Les intérêts à court terme du gouvernement à l’égard de l’équilibre budgétaire ne doivent pas nuire
aux intérêts à long terme des Québécois, au développement industriel et à la croissance économique
que peuvent assurer des tarifs compétitifs, stables et prévisibles.
Surplus d’approvisionnement
La reconnaissance des surplus est nécessaire pour rationaliser les approvisionnements. Il est essentiel
de respecter la réalité des faits pour éviter la mise en service d’énergie additionnelle à fort coût, ce qui
ne peut que faire escalader les tarifs. Or, les tarifs industriels sont déjà improductifs pour maintenir et
stimuler l’activité industrielle au Québec. Les faire augmenter relève de l’irresponsabilité.
Approvisionnements
C’est pourquoi l’amendement législatif nécessaire doit exiger de la Régie qu’elle tienne compte des
besoins d’approvisionnement réels dans l’autorisation de tout appel d’offre.
Énergie patrimoniale
Plutôt que d’obliger les clients d’Hydro-Québec à assumer tous les coûts de l’énergie post-patrimoniale,
ils devraient avoir un accès prioritaire à l’énergie patrimoniale. Telle était l’intention à l’origine de la
création du concept d’énergie patrimoniale et de la Régie de l’énergie.
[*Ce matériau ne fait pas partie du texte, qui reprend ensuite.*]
Lemma Qlim_lin a {x y} : inH N x -> inH N y -> Qlim (lin a x y) = lin a (Qlim x) (Qlim y).
Proof.
move=> hx hy; have [hqx cx] := Qlim_spec hx; have [hqy cy] := Qlim_spec hy.
have hx2 := inH_l2 hx; have hy2 := inH_l2 hy.
apply: Qlim_eq; [exact: inH_lin | exact: l2_lin |].
have -> : (fun n => P n (lin a x y)) = (fun n => lin a (P n x) (P n y)).
  by apply/funext => n; exact: (wproj_lin hS (hb n) (hc n) a hx2 hy2).
by apply: converges_to_lin => // n; exact: Pq_l2.
Qed.

Lemma Qlim_mulI {y} : inH N y -> Qlim (mulI y) = mulI (Qlim y).
Proof.
move=> hy; have h0 := S_inH hS (S_zeros hS).
by rewrite -!lin_mulI (Qlim_lin _ hy h0) (Qlim_fix (S_zeros hS)).
Qed.

Lemma Qlim_bound {x} : inH N x -> sqnorm (Qlim x) <= 2 * M0 ^+ 2 * sqnorm x.
Proof.
move=> hx; have [hq cq] := Qlim_spec hx; apply/ler_addgt0Pr => e he.
have [M hM'] := cq (e / 2) (divr_gt0 he (ltr0n _ 2)).
have hp := Pq_l2 M (inH_l2 hx).
have := sqnorm_sub_le hp (l2_subs hp hq); rewrite subsK.
by have := hM' M (leqnn M); have := Pq_bound M hx; lra.
Qed.

(* In the limit of the w_n-symmetry of P n the off-q part, weighted by harmonic n, vanishes. *)
Lemma Qlim_sym {x y} : inH N x -> inH N y ->
  wdot (indicator q) (Qlim x) y = wdot (indicator q) x (Qlim y).
Proof.
move=> hx hy; have hx2 := inH_l2 hx; have hy2 := inH_l2 hy.
have [hqx cx] := Qlim_spec hx; have [hqy cy] := Qlim_spec hy.
have lim (u : nat -> seqC) v z : (forall n, l2 (u n)) -> l2 v -> l2 z -> converges_to u v ->
    (fun n => wdot (qweight q n) (u n) z) @ \oo -->
    wdot (indicator q) v z + 0 * wdot (coindicator q) v z.
  move=> hu hv hz c; under eq_cvg => n do rewrite (wdot_qweight q n (hu n) hz).
  apply: cvgD; first exact: wdot_cvgl (bounded_indicator q) hz hu hv c.
  by apply: cvgM; [exact: cvg_harmonic | exact: wdot_cvgl (bounded_coindicator q) hz hu hv c].
have l1 := lim _ _ _ (fun n => Pq_l2 n hx2) hqx hy2 cx.
have l2' := lim _ _ _ (fun n => Pq_l2 n hy2) hqy hx2 cy.
have e : (fun n => wdot (qweight q n) (P n x) y) = (fun n => wdot (qweight q n) (P n y) x).
  by apply/funext => n; rewrite (wproj_sym hS (hb n) (hc n) hx2 hy2) wdotC.
rewrite e in l1; pose proof (cvg_unique (@Rhausdorff R) l1 l2') as lims.
by rewrite !mul0r !addr0 in lims; rewrite lims wdotC.
Qed.

Lemma Qlim_bounded_op : bounded_op N Qlim.
Proof.
split; first by move=> x hx; exact (S_inH hS (Qlim_S hx)).
split; first by move=> a x y hx hy; exact (Qlim_lin a hx hy).
exists (Num.sqrt (2 * M0 ^+ 2)) => x hx.
have hM2 : 0 <= 2 * M0 ^+ 2 by rewrite mulr_ge0 ?sqr_ge0.
apply: hnorm_le_of_sqnorm (sqrtr_ge0 _) (inH_l2 hx) _.
by rewrite sqr_sqrtr //; exact: Qlim_bound.
Qed.

Lemma Qlim_range z : S z <-> exists x, inH N x /\ z = Qlim x.
Proof.
split; first by move=> hz; exists z; split; [exact (S_inH hS hz) | rewrite Qlim_fix].
by case=> x [hx ->]; exact: Qlim_S.
Qed.

Lemma Qlim_diagP_sym x y : inH N x -> inH N y ->
  ip (diagP q (Qlim x)) y = ip (diagP q x) (Qlim y).
Proof.
move=> hx hy; have hiy := inH_lin 'i%C hy (S_inH hS (S_zeros hS)); rewrite lin_mulI in hiy.
by rewrite diagP_diagR !ip_diagR -Qlim_mulI // !Qlim_sym.
Qed.

End Approximation.

Arguments Qlim {R} S q x.

Theorem lemma4p5 (R : realType) (N : option nat) (S : set (nat -> R[i])) :
  closed_subspace N S ->
  (exists M : R, forall d : nat -> R, Dplus N d ->
     forall P, is_PAS N (diagR d) S P -> opnorm_le N P M) ->
  forall q : nat -> bool, compatible N (diagP q) S.
Proof.
move=> hS [M0 hM] q; exists (Qlim S q).
split; first exact (Qlim_bounded_op hS hM).
split; first by move=> x hx; exact (Qlim_fix hS hM (Qlim_S hS hM hx)).
split; first by move=> z; exact (Qlim_range hS hM z).
by move=> x y hx hy; exact (Qlim_diagP_sym hS hM x y hx hy).
Qed.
La compétitivité, la stabilité et la prévisibilité des tarifs industriels
d’électricité ne sont pas des choix. Ce sont des conditions.
Si l’on ne réussit pas à les réunir de nouveau, la structure industrielle
du Québec ne peut qu’en souffrir.
Et, avec elle, la solidité de l’économie québécoise et la capacité
d’offrir les services qui font la fierté des Québécois.